Отвёртка застучала каблуками по полу, и я поняла, что она покидает кабинет. Отступив назад в коридор, я сделала вид, что только зашла и не в курсе этой беседы.
– О, ты уже здесь! Поздравляю с выигрышем в суде! – пробормотала она мне, полная зависти и злости.
– Как искренне! Благодарю! – гордо прошла я мимо неё к своему супругу, который только что растопил мне сердце своим признанием.
Дверь кабинета была приоткрыта, но я постучала в неё, желая избежать замечания о том, что вхожу к нему без стука. Он поднял на меня глаза, но ничего не сказав, откинулся в кресле.

– Пехотинцу дали 5 лет, майор, за потребление наркотиков. А ещё этот слабак и трус признался, что подбросил мне порошок в пальто в ту злополучную вечеринку, но без тебя, возможно, этого признания бы не случилось. Ты посадил кассира, который чуть не изнасиловал меня. Он подтвердил, что познакомил Пехотинца с наркоторговцем незадолго до того, как меня арестовали. Детали и даты сошлись, и внезапно моя невиновность была доказана, хотя разбирательство было не обо мне.
– Я говорил, что не приемлю сексуального насилия над женщиной, а над своей невестой так тем более. Благодарить меня не стоит, я сделал то, что должен был.
– Можно я обниму тебя? – расчувствовалось я.
– Министра обнимать ночами будешь. Однако я тебя поздравляю с этой победой!
– Спасибо, – тихо прозвучал мой огорченный ответ. – А ты ничего не слышал о моей бывшей начальнице? Она внезапно в служебную командировку уехала, а мне ни слова не сказала.
– Инструктор–кинолог узнала о моих родословных ищейках, и позвонила мне, желая взять двоих в аренду. Я назначил ей встречу, но она не пришла, и я решил, что передумала.
– Как это странно!
– Странно всё, что касается тебя! Мне нужно работать, – оттолкнувшись от спинки кресла, навис он над письменным стол.
Я молча вышла из кабинета и спустилась вниз к питомцам центра, не совсем готовая начать рабочий день, ведь после утренних переживаний слегка ослабла и еле волочила ноги.
Я мыла вольеры и чистила территорию, а также наблюдала за тем, как старший кинолог и приглашенный мужем эксперт, тренировали собак на прохождение препятствий. Мужчины чётко отдавали команды, и каждая собака уверенно выполняла их, точно зная, что делать. Одни псы молниеносно перепрыгивали барьеры, другие грациозно проходили через тоннели и змейки. Кинологи практически не говорили друг с другом, но их действия были прекрасно слаженны. Я восхищалась тем, как они управлялись с животными – голосом, жестами и движением поводка.

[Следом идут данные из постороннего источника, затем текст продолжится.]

Lemma null5_mono (P Q : set5) :
  (forall x0 x1 x2 x3 x4, P x0 x1 x2 x3 x4 -> Q x0 x1 x2 x3 x4) -> null5 Q -> null5 P.
Proof.
  intros HPQ HQ eps Heps. destruct (HQ eps Heps) as (lo & hi & Hle & Hcov & Hsum).
  exists lo, hi. split; [exact Hle | split; [| exact Hsum]].
  intros x0 x1 x2 x3 x4 Hx. now apply Hcov, HPQ.
Qed.

Lemma sum_f_R0_le_mono (w : nat -> R) (N M : nat) :
  (forall n, 0 <= w n) -> (N <= M)%nat -> sum_f_R0 w N <= sum_f_R0 w M.
Proof.
  intros Hw HNM. destruct (Nat.eq_dec N M) as [<- | HNM']; [lra |].
  rewrite (tech2 w N M) by lia.
  generalize (cond_pos_sum (fun i => w (S N + i)%nat) (M - S N) (fun i => Hw _)). lra.
Qed.

(* [unpair] inverts [(m, i) |-> 2 ^ m * (2 * i + 1) - 1]; the fuel [S n] always suffices. *)
Fixpoint unpair_fuel (fuel n : nat) : nat * nat :=
  match fuel with
  | O => (O, O)
  | S f => if Nat.even n then (O, Nat.div2 n)
           else let p := unpair_fuel f (Nat.div2 n) in (S (fst p), snd p)
  end.

Definition unpair (n : nat) : nat * nat := unpair_fuel (S n) n.

Lemma unpair_fuel_enough (f f' n : nat) :
  (n < f)%nat -> (n < f')%nat -> unpair_fuel f n = unpair_fuel f' n.
Proof.
  revert f' n. induction f as [| f IH]; intros f' n Hf Hf'; [lia |].
  destruct f' as [| f']; [lia |]. simpl. destruct (Nat.even n) eqn:Hn; [reflexivity |].
  destruct n as [| n]; [discriminate |].
  pose proof (Nat.le_div2 n). now rewrite (IH f') by lia.
Qed.

Lemma unpair_fuel_succ (f n : nat) :
  unpair_fuel (S f) n =
  if Nat.even n then (O, Nat.div2 n)
  else (S (fst (unpair_fuel f (Nat.div2 n))), snd (unpair_fuel f (Nat.div2 n))).
Proof. reflexivity. Qed.

Lemma unpair_double (i : nat) : unpair (2 * i) = (O, i).
Proof.
  unfold unpair. now rewrite unpair_fuel_succ, Nat.even_mul, Nat.div2_double.
Qed.

Lemma unpair_succ_double (i : nat) :
  unpair (S (2 * i)) = (S (fst (unpair i)), snd (unpair i)).
Proof.
  unfold unpair. rewrite unpair_fuel_succ, Nat.even_succ, Nat.odd_mul, Nat.div2_succ_double.
  now rewrite (unpair_fuel_enough _ (S i)) by lia.
Qed.

Lemma unpair_surj (m i : nat) : exists n, unpair n = (m, i).
Proof.
  induction m as [| m [n Hn]].
  - exists (2 * i)%nat. apply unpair_double.
  - exists (S (2 * n)). now rewrite unpair_succ_double, Hn.
Qed.

Lemma sum_unpair_le (w : nat -> nat -> R) (eps : R) :
  (forall m i, 0 <= w m i) -> (forall m N, sum_f_R0 (w m) N <= eps / 2 ^ S m) ->
  forall N, sum_f_R0 (fun n => w (fst (unpair n)) (snd (unpair n))) N <= eps.
Proof.
  intros Hw Hrow N. revert w eps Hw Hrow.
  induction N as [N IH] using (well_founded_induction lt_wf); intros w eps Hw Hrow.
  assert (Heps : 0 <= eps).
  { generalize (Hrow O O) (Hw O O). simpl. lra. }
  destruct N as [| N].
  { replace (unpair 0) with (O, O) by reflexivity. generalize (Hrow O O). simpl. lra. }
  apply Rle_trans with (sum_f_R0 (fun n => w (fst (unpair n)) (snd (unpair n))) (2 * S N)).
  { apply sum_f_R0_le_mono; [intros; apply Hw | lia]. }
  (* Even indices enumerate row [0]; odd ones enumerate the shifted rows [w (S m)], whose sums
     are bounded as required for [eps / 2]. *)
  rewrite <- sum_decomposition.
  rewrite (sum_eq _ (w O)) by (intros; cbv beta; now rewrite unpair_double).
  rewrite (sum_eq (fun l => w (fst (unpair (S (2 * l)))) (snd (unpair (S (2 * l)))))
                  (fun l => w (S (fst (unpair l))) (snd (unpair l))))
    by (intros; cbv beta; now rewrite unpair_succ_double).
  assert (Hshift : sum_f_R0 (fun l => w (S (fst (unpair l))) (snd (unpair l))) N <= eps / 2).
  { apply (IH N (Nat.lt_succ_diag_r N) (fun m => w (S m))); [intros; apply Hw |].
    intros m M.
    replace (eps / 2 / 2 ^ S m) with (eps / 2 ^ S (S m)) by (simpl; field; apply pow_nonzero; lra).
    apply Hrow. }
  generalize (Hrow O (S N)). simpl. lra.
Qed.

Lemma null5_countable_union (P : nat -> set5) :
  (forall m, null5 (P m)) -> null5 (fun x0 x1 x2 x3 x4 => exists m, P m x0 x1 x2 x3 x4).
Proof.
  intros HP. apply null5_box_cover. intros eps Heps.
  destruct (functional_choice
              (fun m (c : (nat -> nat -> R) * (nat -> nat -> R)) =>
                 box_cover (P m) (eps / 2 ^ S m) (fst c) (snd c))) as [c Hc].
  { intros m. destruct (HP m (eps / 2 ^ S m)) as (lo & hi & H).
    - apply Rdiv_lt_0_compat; [lra | apply pow_lt; lra].
    - now exists (lo, hi). }
  exists (fun n => fst (c (fst (unpair n))) (snd (unpair n))),
         (fun n => snd (c (fst (unpair n))) (snd (unpair n))).
  split; [| split].
  - intros n j. apply (Hc (fst (unpair n))).
  - intros x0 x1 x2 x3 x4 [m Hm].
    destruct (proj1 (proj2 (Hc m)) _ _ _ _ _ Hm) as [i Hi].
    destruct (unpair_surj m i) as [n Hn]. exists n. now rewrite Hn.
  - apply (sum_unpair_le (fun m i => box_vol (fst (c m) i) (snd (c m) i))).
    + intros m i. apply box_vol_nonneg. intros j. apply (Hc m).
    + intros m. apply (Hc m).
Qed.

Lemma null5_union (P Q : set5) :
  null5 P -> null5 Q -> null5 (fun x0 x1 x2 x3 x4 => P x0 x1 x2 x3 x4 \/ Q x0 x1 x2 x3 x4).
Proof.
  intros HP HQ.
  apply null5_mono with (fun x0 x1 x2 x3 x4 =>
    exists m, match m with O => P | S _ => Q end x0 x1 x2 x3 x4).
  - intros x0 x1 x2 x3 x4 [Hx | Hx]; [now exists O | now exists 1%nat].
  - apply null5_countable_union. now intros [| m].
Qed.

Lemma null5_relabel (P Q : set5) (sigma : nat -> nat) :
  (forall lo hi, box_vol (fun j => lo (sigma j)) (fun j => hi (sigma j)) = box_vol lo hi) ->
  (forall x0 x1 x2 x3 x4, P x0 x1 x2 x3 x4 -> exists y0 y1 y2 y3 y4, Q y0 y1 y2 y3 y4 /\
     forall lo hi, in_box lo hi y0 y1 y2 y3 y4 ->
       in_box (fun j => lo (sigma j)) (fun j => hi (sigma j)) x0 x1 x2 x3 x4) ->
  null5 Q -> null5 P.
Proof.
  intros Hvol HPQ HQ eps Heps. destruct (HQ eps Heps) as (lo & hi & Hle & Hcov & Hsum).
  exists (fun n j => lo n (sigma j)), (fun n j => hi n (sigma j)).
  split; [| split].
  - intros n j. apply Hle.
  - intros x0 x1 x2 x3 x4 Hx.
    destruct (HPQ _ _ _ _ _ Hx) as (y0 & y1 & y2 & y3 & y4 & Hy & Hin).
    destruct (Hcov _ _ _ _ _ Hy) as [n Hn]. exists n. now apply Hin.
  - intros N. rewrite (sum_eq _ (fun n => box_vol (lo n) (hi n))) by (intros; apply Hvol).
    apply Hsum.
Qed.

Definition swap_last (i j : nat) : nat :=
  if Nat.eqb j i then 4%nat else if Nat.eqb j 4 then i else j.

Ltac relabel_by_swap i :=
  apply (null5_relabel _ _ (swap_last i));
  [ intros lo hi; unfold box_vol, swap_last; simpl; ring
  | intros x0 x1 x2 x3 x4 Hx; do 5 eexists; split; [exact Hx |];
    unfold in_box, swap_last; simpl; tauto ].

Lemma null5_swap_1_4 (P : set5) :
  null5 (fun x0 x1 x2 x3 x4 => P x0 x4 x2 x3 x1) -> null5 P.
Proof. relabel_by_swap 1%nat. Qed.

Lemma null5_swap_2_4 (P : set5) :
  null5 (fun x0 x1 x2 x3 x4 => P x0 x1 x4 x3 x2) -> null5 P.
Proof. relabel_by_swap 2%nat. Qed.

Lemma null5_swap_3_4 (P : set5) :
  null5 (fun x0 x1 x2 x3 x4 => P x0 x1 x2 x4 x3) -> null5 P.
Proof. relabel_by_swap 3%nat. Qed.

Definition finite_box_cover (P : set5) (T : nat) (v : R) : Prop :=
  exists lo hi : nat -> nat -> R,
    (forall n j, lo n j <= hi n j) /\
    (forall x0 x1 x2 x3 x4, P x0 x1 x2 x3 x4 ->
       exists n, (n < T)%nat /\ in_box (lo n) (hi n) x0 x1 x2 x3 x4) /\
    (forall n, (n < T)%nat -> box_vol (lo n) (hi n) <= v).

Lemma finite_box_cover_mono (P Q : set5) (T : nat) (v : R) :
  (forall x0 x1 x2 x3 x4, P x0 x1 x2 x3 x4 -> Q x0 x1 x2 x3 x4) ->
  finite_box_cover Q T v -> finite_box_cover P T v.
Proof.
  intros HPQ (lo & hi & Hle & Hcov & Hvol). exists lo, hi.
  split; [exact Hle | split; [| exact Hvol]].
  intros x0 x1 x2 x3 x4 Hx. now apply Hcov, HPQ.
Qed.

Lemma finite_box_cover_union (P Q : set5) (T1 T2 : nat) (v : R) :
  finite_box_cover P T1 v -> finite_box_cover Q T2 v ->
  finite_box_cover (fun x0 x1 x2 x3 x4 => P x0 x1 x2 x3 x4 \/ Q x0 x1 x2 x3 x4) (T1 + T2) v.
Proof.
  intros (lo1 & hi1 & Hle1 & Hcov1 & Hvol1) (lo2 & hi2 & Hle2 & Hcov2 & Hvol2).
  exists (fun n => if (n <? T1)%nat then lo1 n else lo2 (n - T1)%nat),
         (fun n => if (n <? T1)%nat then hi1 n else hi2 (n - T1)%nat).
  split; [| split].
  - intros n j. destruct (n <? T1)%nat; auto.
  - intros x0 x1 x2 x3 x4 [Hx | Hx].
    + destruct (Hcov1 _ _ _ _ _ Hx) as (n & Hn & Hin). exists n.
      rewrite (proj2 (Nat.ltb_lt n T1) Hn). split; [lia | exact Hin].
    + destruct (Hcov2 _ _ _ _ _ Hx) as (n & Hn & Hin). exists (T1 + n)%nat.
      rewrite (proj2 (Nat.ltb_ge (T1 + n) T1)) by lia.
      replace (T1 + n - T1)%nat with n by lia. split; [lia | exact Hin].
  - intros n Hn. destruct (Nat.ltb_spec n T1); [now apply Hvol1 | apply Hvol2; lia].
Qed.

Lemma finite_box_cover_bigunion (P : nat -> set5) (M T : nat) (v : R) :
  (forall i, (i < M)%nat -> finite_box_cover (P i) T v) ->
  finite_box_cover (fun x0 x1 x2 x3 x4 => exists i, (i < M)%nat /\ P i x0 x1 x2 x3 x4) (M * T) v.
Proof.
  induction M as [| M IH]; intros HP.
  - exists (fun _ _ => 0), (fun _ _ => 0). split; [| split].
    + intros. lra.
    + intros x0 x1 x2 x3 x4 (i & Hi & _). lia.
    + intros n Hn. lia.
  - apply finite_box_cover_mono with (fun x0 x1 x2 x3 x4 =>
      P M x0 x1 x2 x3 x4 \/ exists i, (i < M)%nat /\ P i x0 x1 x2 x3 x4).
    + intros x0 x1 x2 x3 x4 (i & Hi & Hx).
      destruct (Nat.eq_dec i M) as [-> | HiM]; [now left |].
      right. exists i. split; [lia | exact Hx].
    + apply finite_box_cover_union; [apply HP; lia |].
      apply IH. intros i Hi. apply HP. lia.
Qed.

Lemma sum_truncated_le (w : nat -> R) (T : nat) (v : R) :
  0 <= v -> (forall n, (n < T)%nat -> w n <= v) ->
  forall N, sum_f_R0 (fun n => if (n <? T)%nat then w n else 0) N <= INR T * v.
Proof.
  intros Hv Hw N.
  enough (H : sum_f_R0 (fun n => if (n <? T)%nat then w n else 0) N <= INR (Nat.min (S N) T) * v).
  { apply Rle_trans with (1 := H), Rmult_le_compat_r; [exact Hv | apply le_INR; lia]. }
  induction N as [| N IH]; simpl sum_f_R0.
  - destruct (Nat.ltb_spec 0 T); [| replace T with O by lia; simpl; lra].
    rewrite Nat.min_l by lia. simpl. rewrite Rmult_1_l. auto.
  - destruct (Nat.ltb_spec (S N) T).
    + rewrite Nat.min_l in * by lia. rewrite S_INR. specialize (Hw (S N) ltac:(lia)). lra.
    + rewrite Nat.min_r in * by lia. lra.
Qed.

Lemma null5_of_finite_box_covers (P : set5) :
  (forall eps, 0 < eps -> exists T v, 0 <= v /\ finite_box_cover P T v /\ INR T * v <= eps) ->
  null5 P.
Proof.
  intros HP eps Heps. destruct (HP eps Heps) as (T & v & Hv & (lo & hi & Hle & Hcov & Hvol) & HTv).
  exists (fun n => if (n <? T)%nat then lo n else fun _ => 0),
         (fun n => if (n <? T)%nat then hi n else fun _ => 0).
  split; [| split].
  - intros n j. destruct (n <? T)%nat; [apply Hle | lra].
  - intros x0 x1 x2 x3 x4 Hx. destruct (Hcov _ _ _ _ _ Hx) as (n & Hn & Hin).
    exists n. now rewrite (proj2 (Nat.ltb_lt n T) Hn).
  - intros N. apply Rle_trans with (2 := HTv).
    rewrite (sum_eq _ (fun n => if (n <? T)%nat then box_vol (lo n) (hi n) else 0))
      by (intros n _; destruct (n <? T)%nat; [reflexivity | unfold box_vol; ring]).
    now apply sum_truncated_le.
Qed.

Definition dist4 (a b c d a' b' c' d' : R) : R :=
  Rabs (a - a') + Rabs (b - b') + Rabs (c - c') + Rabs (d - d').

Definition lipschitz_on (K : R -> R -> R -> R -> Prop) (L : R) (g : R -> R -> R -> R -> R) : Prop :=
  forall a b c d a' b' c' d', K a b c d -> K a' b' c' d' ->
    Rabs (g a b c d - g a' b' c' d') <= L * dist4 a b c d a' b' c' d'.

Definition in_cube (c0 c1 c2 c3 h a b c d : R) : Prop :=
  c0 <= a <= c0 + h /\ c1 <= b <= c1 + h /\ c2 <= c <= c2 + h /\ c3 <= d <= c3 + h.

Definition vec5 (x0 x1 x2 x3 x4 : R) (j : nat) : R :=
  match j with O => x0 | 1 => x1 | 2 => x2 | 3 => x3 | _ => x4 end%nat.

Внезапно у меня перехватило дыхание, и я схватилась за живот, подавшись торсом вперёд и удержавшись за сетку, ограждавшую площадку. В глазах потемнело, а к горлу подступила тошнота.
– Вам нехорошо? – подбежал ко мне старший кинолог.
– Нездоровится что–то. Голова немного кружится и дышать тяжело.
– Вы не беременны случайно? – поддерживая за локоть, довёл он меня до скамейки у выхода с поля.
– С чего Вы взяли?
– У моей супруги такие же симптомы были.
– Думаю, я многое пережила сегодня, вот нервы и сдали! – отрицала я его версию, хотя безумно вдохновилась ей и, несмотря на недомогание, ощутила приток жизненных сил.
– Я думаю, Вы будете отличной матерью! – не верил кинолог в мои оправдания.
– Спасибо! – заулыбалась я ему, угодившему мне такими словами и обнадёжившему меня.
– Я вызову такси, повидаетесь с доктором!
– Мой рабочий день ещё не закончен.
– Мы с экспертом–кинологом справимся, – ответил заботливый мужчина и отправил меня в местную больницу.
После сдачи анализов и тщательного осмотра, врач подтвердил моё предположение: нервное истощение. Беременна я не была, а жаль. Мне прописали успокоительные капли и строгий режим, который я, само собой, держать бы не смогла, ведь на носу была учёба в академии и все та же работа в центре кинологии.
Слегка огорчившись, я вернулась домой, где меня давно ждал с центра кинологии министр.
– Поздравляю, любимая! – притянул он меня к себя с порога и крепко поцеловал.
– Спасибо, дорогой, – устало улыбнулась я в ответ.
– Ты задержалась на работе. Всё ли в порядке?
– Мне было нехорошо, и я решила, что беременна, но доктор опроверг мои предположения.
– Каков же диагноз? – испуганно спросил чиновник.
– Нервное истощение, – сбросила я босоножки и, войдя в гостиную, плюхнулась на диван.
– Тебе поесть надо и спать пораньше лечь, – пропустил он мои слова о беременности мимо ушей.
– Аппетита нет.
– Это отговорки! Давай–ка в душевую, а затем за вкусный ужин!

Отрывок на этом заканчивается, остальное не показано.